(* Let $i:\mathbb{A}\to\mathbb{B}$ be a virtual double functor which is fully faithful, injective on objects, and injective on loose arrows. Then $i$ is the equalizer of its cokernel pair $q_1,q_2:\mathbb{B}\rightrightarrows\mathbb{B}\cup_{\mathbb{A}}\mathbb{B}$; in particular $i$ is a regular monomorphism.
   Context: A virtual double category (VDC) has objects, tight arrows forming a category, loose arrows, and $n$-ary multicells from a composable path of $n$ loose arrows to a loose arrow with two tight sides, with identities and associative unital composition; a virtual double functor (VDF) preserves all structure strictly, and the category of VDCs and VDFs is cocomplete. A VDF $i:\mathbb{A}\to\mathbb{B}$ is fully faithful if it is fully faithful on underlying tight categories and, for every path $\varphi$ of loose arrows and loose arrow $\psi$ of $\mathbb{A}$, the induced map from multicells of $\mathbb{A}$ with loose source $\varphi$ and target $\psi$ to multicells of $\mathbb{B}$ with loose source $i(\varphi)$ and target $i(\psi)$ is a bijection. The cokernel pair is the pair of coprojections of the pushout $\mathbb{B}\cup_{\mathbb{A}}\mathbb{B}$ of $i$ along itself. *)

(* Virtual double categories, presented "unityped": one carrier per sort
   (objects, tight arrows, loose arrows, multicells) with boundary maps and
   total operations; the VDC axioms and the preservation conditions of
   virtual double functors are only imposed on composable inputs. *)
From mathcomp Require Import all_boot.
Set Implicit Arguments. Unset Strict Implicit. Unset Printing Implicit Defensive.

Record vdc_data := VdcData {
  vob : Type;
  vth : Type;
  vlo : Type;
  vce : Type;
  tdom : vth -> vob; tcod : vth -> vob;
  tid : vob -> vth;
  tcomp : vth -> vth -> vth;        (* tcomp g f = g o f (meaningful if tcod f = tdom g) *)
  ldom : vlo -> vob; lcod : vlo -> vob;
  cleft : vce -> vth; cright : vce -> vth;
  csrc : vce -> seq vlo;
  ctgt : vce -> vlo;
  cid : vlo -> vce;
  (* ccomp a (k, bs): composite of a with the path of cells bs (a path in the
     graph whose vertices are tight arrows and whose edges are cells), starting
     at the vertex k (k matters only when bs is empty, i.e. for whiskering a
     nullary piece by a tight arrow). *)
  ccomp : vce -> vth * seq vce -> vce }.

Arguments tdom {v} _. Arguments tcod {v} _. Arguments tid {v} _.
Arguments tcomp {v} _ _. Arguments ldom {v} _. Arguments lcod {v} _.
Arguments cleft {v} _. Arguments cright {v} _. Arguments csrc {v} _.
Arguments ctgt {v} _. Arguments cid {v} _. Arguments ccomp {v} _ _.

Section Paths.
Variable C : vdc_data.

Fixpoint lpath (x : vob C) (ps : seq (vlo C)) (y : vob C) : Prop :=
  match ps with
  | [::] => x = y
  | p :: ps' => ldom p = x /\ lpath (lcod p) ps' y
  end.

Definition is_lpath (x : vob C) (ps : seq (vlo C)) : Prop := exists y, lpath x ps y.

Fixpoint cadj (bs : seq (vce C)) : Prop :=
  match bs with
  | b1 :: ((b2 :: _) as bs') => cright b1 = cleft b2 /\ cadj bs'
  | _ => True
  end.

Definition cpath_ok (kb : vth C * seq (vce C)) : Prop :=
  (match kb.2 with [::] => True | b :: _ => cleft b = kb.1 end) /\ cadj kb.2.

Definition cpath_end (kb : vth C * seq (vce C)) : vth C :=
  last kb.1 (map cright kb.2).

Definition composable (a : vce C) (kb : vth C * seq (vce C)) : Prop :=
  [/\ cpath_ok kb, tcod kb.1 = tdom (cleft a) & map ctgt kb.2 = csrc a].

Definition comp_left (a : vce C) (kb : vth C * seq (vce C)) : vth C :=
  tcomp (cleft a) kb.1.
Definition comp_right (a : vce C) (kb : vth C * seq (vce C)) : vth C :=
  tcomp (cright a) (cpath_end kb).

Fixpoint split_cp (sh : seq nat) (m : vth C) (gs : seq (vce C))
  : seq (vth C * seq (vce C)) :=
  match sh with
  | [::] => [::]
  | n :: sh' => (m, take n gs) :: split_cp sh' (cpath_end (m, take n gs)) (drop n gs)
  end.

Record is_vdc : Prop := {
  tid_dom : forall x : vob C, tdom (tid x) = x;
  tid_cod : forall x : vob C, tcod (tid x) = x;
  tcomp_dom : forall f g : vth C, tcod f = tdom g -> tdom (tcomp g f) = tdom f;
  tcomp_cod : forall f g : vth C, tcod f = tdom g -> tcod (tcomp g f) = tcod g;
  tcomp_id_r : forall f : vth C, tcomp f (tid (tdom f)) = f;
  tcomp_id_l : forall f : vth C, tcomp (tid (tcod f)) f = f;
  tcomp_assoc : forall f g h : vth C, tcod f = tdom g -> tcod g = tdom h ->
      tcomp h (tcomp g f) = tcomp (tcomp h g) f;
  cell_src : forall c : vce C, lpath (tdom (cleft c)) (csrc c) (tdom (cright c));
  cell_left : forall c : vce C, tcod (cleft c) = ldom (ctgt c);
  cell_right : forall c : vce C, tcod (cright c) = lcod (ctgt c);
  cid_src : forall p : vlo C, csrc (cid p) = [:: p];
  cid_tgt : forall p : vlo C, ctgt (cid p) = p;
  cid_left : forall p : vlo C, cleft (cid p) = tid (ldom p);
  cid_right : forall p : vlo C, cright (cid p) = tid (lcod p);
  ccomp_src : forall a kb, composable a kb -> csrc (ccomp a kb) = flatten (map csrc kb.2);
  ccomp_tgt : forall a kb, composable a kb -> ctgt (ccomp a kb) = ctgt a;
  ccomp_left : forall a kb, composable a kb -> cleft (ccomp a kb) = comp_left a kb;
  ccomp_right : forall a kb, composable a kb -> cright (ccomp a kb) = comp_right a kb;
  ccomp_id_r : forall a : vce C, ccomp a (tid (tdom (cleft a)), map cid (csrc a)) = a;
  ccomp_id_l : forall b : vce C, ccomp (cid (ctgt b)) (cleft b, [:: b]) = b;
  ccomp_assoc : forall a kb mg, composable a kb -> composable (ccomp a kb) mg ->
      ccomp (ccomp a kb) mg =
      ccomp a (tcomp kb.1 mg.1,
               [seq ccomp bp.1 bp.2 |
                 bp <- zip kb.2 (split_cp [seq size (csrc b) | b <- kb.2] mg.1 mg.2)])
}.

End Paths.

Record vdc := Vdc { vdata :> vdc_data; vdc_axioms : is_vdc vdata }.

Section Functors.
Variables A B : vdc_data.

Record is_vdf (fo : vob A -> vob B) (ft : vth A -> vth B) (fl : vlo A -> vlo B)
    (fc : vce A -> vce B) : Prop := {
  ft_dom : forall f, tdom (ft f) = fo (tdom f);
  ft_cod : forall f, tcod (ft f) = fo (tcod f);
  ft_id : forall x, ft (tid x) = tid (fo x);
  ft_comp : forall f g, tcod f = tdom g -> ft (tcomp g f) = tcomp (ft g) (ft f);
  fl_dom : forall p, ldom (fl p) = fo (ldom p);
  fl_cod : forall p, lcod (fl p) = fo (lcod p);
  fc_left : forall c, cleft (fc c) = ft (cleft c);
  fc_right : forall c, cright (fc c) = ft (cright c);
  fc_src : forall c, csrc (fc c) = map fl (csrc c);
  fc_tgt : forall c, ctgt (fc c) = fl (ctgt c);
  fc_id : forall p, fc (cid p) = cid (fl p);
  fc_comp : forall a kb, composable a kb ->
      fc (ccomp a kb) = ccomp (fc a) (ft kb.1, map fc kb.2)
}.
End Functors.

Record vdf (A B : vdc) := Vdf {
  fo : vob A -> vob B; ft : vth A -> vth B; fl : vlo A -> vlo B; fc : vce A -> vce B;
  vdf_axioms : is_vdf fo ft fl fc }.

Definition vdf_eq (A B : vdc) (F G : vdf A B) : Prop :=
  [/\ forall x, fo F x = fo G x, forall f, ft F f = ft G f,
      forall p, fl F p = fl G p & forall c, fc F c = fc G c].

Definition comp_eq (A B B' D : vdc) (F : vdf A B) (G : vdf B D)
    (F' : vdf A B') (G' : vdf B' D) : Prop :=
  [/\ forall x, fo G (fo F x) = fo G' (fo F' x),
      forall f, ft G (ft F f) = ft G' (ft F' f),
      forall p, fl G (fl F p) = fl G' (fl F' p)
    & forall c, fc G (fc F c) = fc G' (fc F' c)].

Definition comp_eq1 (A B D : vdc) (F : vdf A B) (G : vdf B D) (H : vdf A D) : Prop :=
  [/\ forall x, fo G (fo F x) = fo H x,
      forall f, ft G (ft F f) = ft H f,
      forall p, fl G (fl F p) = fl H p
    & forall c, fc G (fc F c) = fc H c].

Definition fully_faithful (A B : vdc) (i : vdf A B) : Prop :=
  [/\
      (forall f g : vth A, tdom f = tdom g -> tcod f = tcod g -> ft i f = ft i g -> f = g),
      (forall (x y : vob A) (h : vth B), tdom h = fo i x -> tcod h = fo i y ->
          exists f : vth A, [/\ tdom f = x, tcod f = y & ft i f = h]),
      (forall (x : vob A) (ps : seq (vlo A)) (q : vlo A) (c c' : vce A),
          is_lpath x ps ->
          tdom (cleft c) = x -> csrc c = ps -> ctgt c = q ->
          tdom (cleft c') = x -> csrc c' = ps -> ctgt c' = q ->
          fc i c = fc i c' -> c = c')
    &
      (forall (x : vob A) (ps : seq (vlo A)) (q : vlo A) (d : vce B),
          is_lpath x ps ->
          tdom (cleft d) = fo i x -> csrc d = map (fl i) ps -> ctgt d = fl i q ->
          exists c : vce A, [/\ tdom (cleft c) = x, csrc c = ps, ctgt c = q & fc i c = d])].

Definition is_cokernel_pair (A B P : vdc) (i : vdf A B) (q1 q2 : vdf B P) : Prop :=
  comp_eq i q1 i q2 /\
  forall (X : vdc) (f1 f2 : vdf B X), comp_eq i f1 i f2 ->
    (exists u : vdf P X, comp_eq1 q1 u f1 /\ comp_eq1 q2 u f2) /\
    (forall u v : vdf P X, comp_eq1 q1 u f1 -> comp_eq1 q2 u f2 ->
                           comp_eq1 q1 v f1 -> comp_eq1 q2 v f2 -> vdf_eq u v).

Definition is_equalizer (A B P : vdc) (i : vdf A B) (q1 q2 : vdf B P) : Prop :=
  comp_eq i q1 i q2 /\
  forall (X : vdc) (f : vdf X B), comp_eq f q1 f q2 ->
    (exists g : vdf X A, comp_eq1 g i f) /\
    (forall g h : vdf X A, comp_eq1 g i f -> comp_eq1 h i f -> vdf_eq g h).

(* Map B into the chaotic virtual double category on the objects {true, false}
   (exactly one cell for every boundary), once by the constant labelling
   [true] and once by the indicator of the image of i on objects and loose
   arrows.  The two agree after precomposition with i, so they factor through
   the cokernel pair; hence every f : X -> B equalizing q1 and q2 lands in the
   image of i on objects and loose arrows.  Full faithfulness then lifts f
   along i on tight arrows and multicells, and since i is injective on all
   four sorts the lift is a virtual double functor and is unique. *)
From mathcomp Require Import all_boot.
From Stdlib Require Import ClassicalDescription IndefiniteDescription.
Set Implicit Arguments. Unset Strict Implicit. Unset Printing Implicit Defensive.

Section CellPaths.
Variable C : vdc_data.

Lemma cpath_ok_cons (k : vth C) b bs :
  cpath_ok (k, b :: bs) <-> cleft b = k /\ cpath_ok (cright b, bs).
Proof.
rewrite /cpath_ok /=; case: bs => [|b' bs] /=; first tauto.
by split=> -[-> [-> ?]].
Qed.

Lemma cpath_ok_take_drop (k : vth C) bs n : cpath_ok (k, bs) ->
  cpath_ok (k, take n bs) /\ cpath_ok (cpath_end (k, take n bs), drop n bs).
Proof.
elim: bs k n => [|b bs IH] k [|n] //.
by rewrite /= !cpath_ok_cons => -[-> /(IH _ n) []].
Qed.

End CellPaths.

Lemma cpath_ok_map (C D : vdc_data) (tf : vth C -> vth D) (cf : vce C -> vce D) :
  (forall c, cleft (cf c) = tf (cleft c)) -> (forall c, cright (cf c) = tf (cright c)) ->
  forall k bs, cpath_ok (k, bs) -> cpath_ok (tf k, map cf bs).
Proof.
move=> cf_left cf_right k bs; elim: bs k => [|b bs IH] k //.
by rewrite !cpath_ok_cons cf_left cf_right => -[<- /IH].
Qed.

Section Chaotic.
Variables (V : eqType) (L : Type).

Definition cedge := (V * V * L)%type.

Fixpoint is_edge_path (x : V) (s : seq cedge) : bool :=
  if s is e :: s' then (e.1.1 == x) && is_edge_path e.1.2 s' else true.

Definition edge_path_end (x : V) (s : seq cedge) : V := last x [seq e.1.2 | e <- s].

Lemma is_edge_path_cat x s t :
  is_edge_path x (s ++ t) = is_edge_path x s && is_edge_path (edge_path_end x s) t.
Proof. by elim: s x => [|e s IH] x //=; rewrite IH andbA. Qed.

Lemma edge_path_end_cat x s t :
  edge_path_end x (s ++ t) = edge_path_end (edge_path_end x s) t.
Proof. by rewrite /edge_path_end map_cat last_cat. Qed.

(* The start object is only needed for cells with an empty source path. *)
Definition ccell := {c : V * seq cedge * cedge | is_edge_path c.1.1 c.1.2}.

Definition ccell_start (c : ccell) : V := (val c).1.1.
Definition ccell_path (c : ccell) : seq cedge := (val c).1.2.
Definition ccell_target (c : ccell) : cedge := (val c).2.

Definition ccell_id (e : cedge) : ccell :=
  exist _ (e.1.1, [:: e], e) (introT andP (conj (eqxx _) isT)).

What you have to do:
Looking at the data above, work out how many lines contain "rewrite" and answer with the figure only.

Output for this task:
5